━━━ Provided data ━━━
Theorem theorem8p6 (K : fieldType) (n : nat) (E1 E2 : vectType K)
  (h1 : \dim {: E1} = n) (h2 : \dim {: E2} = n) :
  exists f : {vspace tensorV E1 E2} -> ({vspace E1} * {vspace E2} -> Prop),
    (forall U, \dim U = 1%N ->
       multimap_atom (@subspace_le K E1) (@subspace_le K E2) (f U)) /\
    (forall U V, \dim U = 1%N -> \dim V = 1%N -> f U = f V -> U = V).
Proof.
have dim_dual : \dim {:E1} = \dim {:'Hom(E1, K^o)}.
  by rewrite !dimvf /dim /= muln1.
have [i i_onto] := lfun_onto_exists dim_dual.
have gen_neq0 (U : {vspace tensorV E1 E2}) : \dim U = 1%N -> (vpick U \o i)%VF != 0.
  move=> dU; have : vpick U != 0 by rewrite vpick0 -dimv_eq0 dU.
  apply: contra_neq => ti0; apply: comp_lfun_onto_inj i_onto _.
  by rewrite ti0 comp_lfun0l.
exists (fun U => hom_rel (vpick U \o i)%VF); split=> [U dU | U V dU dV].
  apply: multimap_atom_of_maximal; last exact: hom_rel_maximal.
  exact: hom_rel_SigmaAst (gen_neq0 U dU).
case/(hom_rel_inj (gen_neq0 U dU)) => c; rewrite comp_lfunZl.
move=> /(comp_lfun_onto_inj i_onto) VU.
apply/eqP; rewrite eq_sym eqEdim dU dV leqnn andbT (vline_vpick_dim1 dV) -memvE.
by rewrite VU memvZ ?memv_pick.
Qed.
━━━
━━━ Provided data ━━━
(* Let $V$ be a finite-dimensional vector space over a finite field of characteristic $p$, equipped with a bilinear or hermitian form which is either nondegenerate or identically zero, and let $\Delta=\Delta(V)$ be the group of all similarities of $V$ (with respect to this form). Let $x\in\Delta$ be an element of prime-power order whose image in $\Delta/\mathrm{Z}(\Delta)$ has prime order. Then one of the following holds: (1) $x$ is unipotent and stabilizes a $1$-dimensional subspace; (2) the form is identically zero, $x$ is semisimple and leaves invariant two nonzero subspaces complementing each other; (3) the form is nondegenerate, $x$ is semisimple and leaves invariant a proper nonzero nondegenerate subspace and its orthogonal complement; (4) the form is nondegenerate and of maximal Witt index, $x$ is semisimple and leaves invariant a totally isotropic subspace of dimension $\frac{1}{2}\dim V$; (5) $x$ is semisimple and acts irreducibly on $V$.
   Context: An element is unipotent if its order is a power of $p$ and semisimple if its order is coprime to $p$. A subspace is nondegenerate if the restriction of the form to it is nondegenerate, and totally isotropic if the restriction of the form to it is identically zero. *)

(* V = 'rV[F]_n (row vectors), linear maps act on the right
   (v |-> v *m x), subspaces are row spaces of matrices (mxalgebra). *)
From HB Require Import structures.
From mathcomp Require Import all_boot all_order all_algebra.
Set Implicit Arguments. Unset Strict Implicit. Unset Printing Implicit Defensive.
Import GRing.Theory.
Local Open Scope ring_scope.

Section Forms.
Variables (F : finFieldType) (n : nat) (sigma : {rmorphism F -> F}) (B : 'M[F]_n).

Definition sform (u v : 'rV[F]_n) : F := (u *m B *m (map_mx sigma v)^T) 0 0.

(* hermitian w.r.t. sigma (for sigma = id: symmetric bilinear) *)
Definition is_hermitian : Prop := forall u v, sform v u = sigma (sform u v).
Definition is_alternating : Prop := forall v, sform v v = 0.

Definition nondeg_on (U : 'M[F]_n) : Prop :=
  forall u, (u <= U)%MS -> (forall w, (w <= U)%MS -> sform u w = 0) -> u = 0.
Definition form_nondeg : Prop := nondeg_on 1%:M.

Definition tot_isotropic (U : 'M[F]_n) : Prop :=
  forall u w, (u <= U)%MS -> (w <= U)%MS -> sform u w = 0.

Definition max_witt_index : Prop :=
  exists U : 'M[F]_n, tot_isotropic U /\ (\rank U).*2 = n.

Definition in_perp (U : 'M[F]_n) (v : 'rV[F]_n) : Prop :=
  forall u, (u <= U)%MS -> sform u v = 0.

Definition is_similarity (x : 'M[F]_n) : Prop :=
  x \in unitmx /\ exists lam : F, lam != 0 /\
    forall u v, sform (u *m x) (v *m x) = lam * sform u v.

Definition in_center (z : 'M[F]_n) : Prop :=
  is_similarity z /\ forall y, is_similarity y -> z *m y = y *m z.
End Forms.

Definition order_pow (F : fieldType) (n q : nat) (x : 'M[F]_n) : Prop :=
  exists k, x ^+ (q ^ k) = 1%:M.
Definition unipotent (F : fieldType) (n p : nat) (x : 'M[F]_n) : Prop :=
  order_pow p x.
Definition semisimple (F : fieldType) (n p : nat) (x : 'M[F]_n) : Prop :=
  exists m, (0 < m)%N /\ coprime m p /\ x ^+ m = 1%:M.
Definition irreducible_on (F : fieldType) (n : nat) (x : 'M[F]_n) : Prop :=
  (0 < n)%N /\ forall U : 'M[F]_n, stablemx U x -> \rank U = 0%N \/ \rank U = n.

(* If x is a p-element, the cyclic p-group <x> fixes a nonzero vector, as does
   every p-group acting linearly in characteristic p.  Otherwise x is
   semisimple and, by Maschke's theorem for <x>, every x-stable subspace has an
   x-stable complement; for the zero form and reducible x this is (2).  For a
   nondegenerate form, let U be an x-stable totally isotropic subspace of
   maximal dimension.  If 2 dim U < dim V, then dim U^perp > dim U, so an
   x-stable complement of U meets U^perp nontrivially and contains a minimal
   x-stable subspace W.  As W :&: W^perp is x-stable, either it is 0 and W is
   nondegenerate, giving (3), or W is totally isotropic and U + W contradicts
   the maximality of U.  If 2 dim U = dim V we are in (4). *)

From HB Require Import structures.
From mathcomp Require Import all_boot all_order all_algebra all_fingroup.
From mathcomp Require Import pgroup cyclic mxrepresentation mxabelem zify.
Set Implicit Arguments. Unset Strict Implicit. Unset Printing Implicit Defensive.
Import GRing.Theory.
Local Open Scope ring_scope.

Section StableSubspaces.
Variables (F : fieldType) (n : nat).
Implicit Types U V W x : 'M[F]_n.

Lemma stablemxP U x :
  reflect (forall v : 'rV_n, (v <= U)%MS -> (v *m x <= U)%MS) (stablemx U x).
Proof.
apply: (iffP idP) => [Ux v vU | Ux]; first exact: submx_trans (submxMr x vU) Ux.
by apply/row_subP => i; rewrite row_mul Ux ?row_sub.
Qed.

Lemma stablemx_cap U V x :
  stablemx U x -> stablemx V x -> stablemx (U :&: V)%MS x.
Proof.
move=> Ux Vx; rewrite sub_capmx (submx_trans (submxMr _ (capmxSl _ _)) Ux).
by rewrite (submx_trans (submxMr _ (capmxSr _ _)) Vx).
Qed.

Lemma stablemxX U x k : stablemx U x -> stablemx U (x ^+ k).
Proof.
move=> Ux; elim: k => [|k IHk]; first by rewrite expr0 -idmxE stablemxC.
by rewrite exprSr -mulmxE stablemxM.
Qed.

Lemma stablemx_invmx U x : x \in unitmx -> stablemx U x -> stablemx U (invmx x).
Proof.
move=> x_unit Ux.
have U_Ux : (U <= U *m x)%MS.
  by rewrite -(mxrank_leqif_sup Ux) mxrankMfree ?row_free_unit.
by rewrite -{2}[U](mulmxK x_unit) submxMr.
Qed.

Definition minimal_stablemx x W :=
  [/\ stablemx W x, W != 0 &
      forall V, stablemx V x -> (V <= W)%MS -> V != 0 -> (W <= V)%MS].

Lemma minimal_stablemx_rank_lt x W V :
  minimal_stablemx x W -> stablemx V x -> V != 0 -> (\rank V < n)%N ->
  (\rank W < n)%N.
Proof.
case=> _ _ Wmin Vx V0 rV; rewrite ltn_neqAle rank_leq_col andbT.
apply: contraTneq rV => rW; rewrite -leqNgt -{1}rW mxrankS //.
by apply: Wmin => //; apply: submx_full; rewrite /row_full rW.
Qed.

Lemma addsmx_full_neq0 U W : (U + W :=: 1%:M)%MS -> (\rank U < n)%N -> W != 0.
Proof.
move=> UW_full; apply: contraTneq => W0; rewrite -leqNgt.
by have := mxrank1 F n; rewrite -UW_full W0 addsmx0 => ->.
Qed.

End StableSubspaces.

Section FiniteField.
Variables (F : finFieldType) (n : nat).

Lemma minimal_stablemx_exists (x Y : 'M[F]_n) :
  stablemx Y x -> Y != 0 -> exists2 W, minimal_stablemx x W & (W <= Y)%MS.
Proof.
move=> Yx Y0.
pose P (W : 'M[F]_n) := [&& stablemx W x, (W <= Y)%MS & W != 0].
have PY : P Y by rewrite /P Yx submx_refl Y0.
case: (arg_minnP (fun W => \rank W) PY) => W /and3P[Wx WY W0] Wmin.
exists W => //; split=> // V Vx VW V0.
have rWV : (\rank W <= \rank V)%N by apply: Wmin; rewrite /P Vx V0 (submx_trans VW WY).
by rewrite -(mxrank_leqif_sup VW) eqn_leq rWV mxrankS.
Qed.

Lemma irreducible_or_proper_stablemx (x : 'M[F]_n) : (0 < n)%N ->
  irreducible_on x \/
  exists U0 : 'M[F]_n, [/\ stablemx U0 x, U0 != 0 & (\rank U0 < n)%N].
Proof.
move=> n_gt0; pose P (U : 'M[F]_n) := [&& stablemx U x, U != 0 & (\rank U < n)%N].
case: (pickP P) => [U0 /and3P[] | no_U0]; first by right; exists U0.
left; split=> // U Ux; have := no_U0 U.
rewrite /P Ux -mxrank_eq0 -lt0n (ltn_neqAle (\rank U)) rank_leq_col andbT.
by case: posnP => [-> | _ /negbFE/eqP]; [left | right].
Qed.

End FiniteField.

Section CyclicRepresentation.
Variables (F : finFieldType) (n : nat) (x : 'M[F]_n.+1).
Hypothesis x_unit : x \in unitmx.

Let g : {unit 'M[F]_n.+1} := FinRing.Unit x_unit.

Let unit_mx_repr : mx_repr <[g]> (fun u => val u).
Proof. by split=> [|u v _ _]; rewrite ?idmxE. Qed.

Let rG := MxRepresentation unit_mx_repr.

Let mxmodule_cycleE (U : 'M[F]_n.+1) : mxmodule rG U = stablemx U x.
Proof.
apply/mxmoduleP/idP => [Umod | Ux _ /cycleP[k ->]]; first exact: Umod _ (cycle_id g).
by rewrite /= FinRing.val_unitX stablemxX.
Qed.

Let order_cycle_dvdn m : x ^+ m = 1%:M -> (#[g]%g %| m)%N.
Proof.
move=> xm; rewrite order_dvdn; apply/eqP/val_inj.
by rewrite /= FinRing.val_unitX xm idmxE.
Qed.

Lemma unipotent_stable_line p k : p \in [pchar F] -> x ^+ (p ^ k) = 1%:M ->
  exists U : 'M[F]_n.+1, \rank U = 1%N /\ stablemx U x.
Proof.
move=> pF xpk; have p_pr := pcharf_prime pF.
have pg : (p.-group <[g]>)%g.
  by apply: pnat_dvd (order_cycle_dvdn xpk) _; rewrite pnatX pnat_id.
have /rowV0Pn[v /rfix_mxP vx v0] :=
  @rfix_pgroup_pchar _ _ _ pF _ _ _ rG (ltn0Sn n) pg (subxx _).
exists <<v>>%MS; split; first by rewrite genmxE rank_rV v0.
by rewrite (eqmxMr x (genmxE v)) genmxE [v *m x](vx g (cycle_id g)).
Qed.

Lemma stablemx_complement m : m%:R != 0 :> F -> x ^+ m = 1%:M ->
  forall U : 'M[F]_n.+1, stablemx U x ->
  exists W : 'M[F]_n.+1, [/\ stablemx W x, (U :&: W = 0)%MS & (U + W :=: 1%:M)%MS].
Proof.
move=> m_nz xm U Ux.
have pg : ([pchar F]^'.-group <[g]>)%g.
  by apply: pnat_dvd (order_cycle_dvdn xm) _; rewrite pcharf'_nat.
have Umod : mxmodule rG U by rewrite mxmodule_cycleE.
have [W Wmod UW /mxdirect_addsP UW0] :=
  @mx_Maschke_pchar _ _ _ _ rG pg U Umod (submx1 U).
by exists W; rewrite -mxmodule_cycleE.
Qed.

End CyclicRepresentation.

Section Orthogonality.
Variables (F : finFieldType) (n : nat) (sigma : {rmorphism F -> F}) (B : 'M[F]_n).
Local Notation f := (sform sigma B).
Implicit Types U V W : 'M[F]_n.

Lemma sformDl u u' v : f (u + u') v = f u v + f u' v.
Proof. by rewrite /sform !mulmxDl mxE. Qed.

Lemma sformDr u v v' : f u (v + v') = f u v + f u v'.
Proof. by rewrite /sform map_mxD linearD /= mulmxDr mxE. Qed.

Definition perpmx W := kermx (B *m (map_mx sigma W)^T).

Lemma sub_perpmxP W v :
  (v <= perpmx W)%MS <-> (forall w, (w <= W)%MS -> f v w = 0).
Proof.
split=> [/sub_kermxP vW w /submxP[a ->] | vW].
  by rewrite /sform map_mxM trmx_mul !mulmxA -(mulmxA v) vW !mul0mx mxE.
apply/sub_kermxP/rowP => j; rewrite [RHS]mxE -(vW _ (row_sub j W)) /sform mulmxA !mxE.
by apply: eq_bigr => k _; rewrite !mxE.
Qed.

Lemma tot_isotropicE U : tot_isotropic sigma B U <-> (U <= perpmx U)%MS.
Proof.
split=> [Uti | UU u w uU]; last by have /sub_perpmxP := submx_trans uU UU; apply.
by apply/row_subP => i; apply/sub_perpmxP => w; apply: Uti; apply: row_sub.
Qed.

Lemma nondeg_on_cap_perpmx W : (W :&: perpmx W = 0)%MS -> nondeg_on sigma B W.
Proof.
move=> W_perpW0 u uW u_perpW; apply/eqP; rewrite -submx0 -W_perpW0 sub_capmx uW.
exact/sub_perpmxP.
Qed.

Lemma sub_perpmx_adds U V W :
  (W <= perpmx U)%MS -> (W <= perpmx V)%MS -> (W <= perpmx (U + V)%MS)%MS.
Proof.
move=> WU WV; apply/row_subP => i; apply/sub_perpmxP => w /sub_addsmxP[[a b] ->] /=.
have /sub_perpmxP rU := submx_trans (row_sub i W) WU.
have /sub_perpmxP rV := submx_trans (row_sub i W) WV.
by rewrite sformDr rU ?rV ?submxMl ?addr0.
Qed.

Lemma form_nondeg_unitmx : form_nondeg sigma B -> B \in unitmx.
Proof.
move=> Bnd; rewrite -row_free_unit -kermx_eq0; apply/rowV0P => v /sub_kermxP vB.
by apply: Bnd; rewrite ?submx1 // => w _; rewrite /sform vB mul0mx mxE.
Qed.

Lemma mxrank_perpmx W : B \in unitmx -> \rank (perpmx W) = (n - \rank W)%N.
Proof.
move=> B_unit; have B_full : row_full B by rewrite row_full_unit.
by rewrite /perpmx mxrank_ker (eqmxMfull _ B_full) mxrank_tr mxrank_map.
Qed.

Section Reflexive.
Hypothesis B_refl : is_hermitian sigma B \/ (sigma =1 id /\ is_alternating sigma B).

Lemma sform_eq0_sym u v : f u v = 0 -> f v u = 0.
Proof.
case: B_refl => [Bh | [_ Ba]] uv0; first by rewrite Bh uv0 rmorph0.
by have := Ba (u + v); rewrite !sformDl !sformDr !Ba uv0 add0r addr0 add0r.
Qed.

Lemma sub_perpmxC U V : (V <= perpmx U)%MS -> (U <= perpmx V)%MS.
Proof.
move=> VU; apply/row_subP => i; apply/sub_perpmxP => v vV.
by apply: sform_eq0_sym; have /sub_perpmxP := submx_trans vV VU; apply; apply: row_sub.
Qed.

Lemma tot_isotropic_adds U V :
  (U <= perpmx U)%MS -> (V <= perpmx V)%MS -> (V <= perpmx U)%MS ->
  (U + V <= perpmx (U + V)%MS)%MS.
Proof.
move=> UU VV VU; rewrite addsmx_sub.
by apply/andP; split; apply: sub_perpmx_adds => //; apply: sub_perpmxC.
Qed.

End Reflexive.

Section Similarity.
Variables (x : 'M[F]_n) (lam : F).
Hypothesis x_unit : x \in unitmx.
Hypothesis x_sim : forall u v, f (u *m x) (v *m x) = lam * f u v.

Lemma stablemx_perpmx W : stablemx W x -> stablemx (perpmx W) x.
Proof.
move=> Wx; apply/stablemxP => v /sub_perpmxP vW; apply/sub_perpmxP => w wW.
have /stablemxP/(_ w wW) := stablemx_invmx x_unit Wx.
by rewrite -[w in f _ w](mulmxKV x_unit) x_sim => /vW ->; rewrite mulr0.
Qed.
━━━
### Work request
Would you state how many lines of the data above hold the string "every"? Reply with the number alone.

### Problem solution
2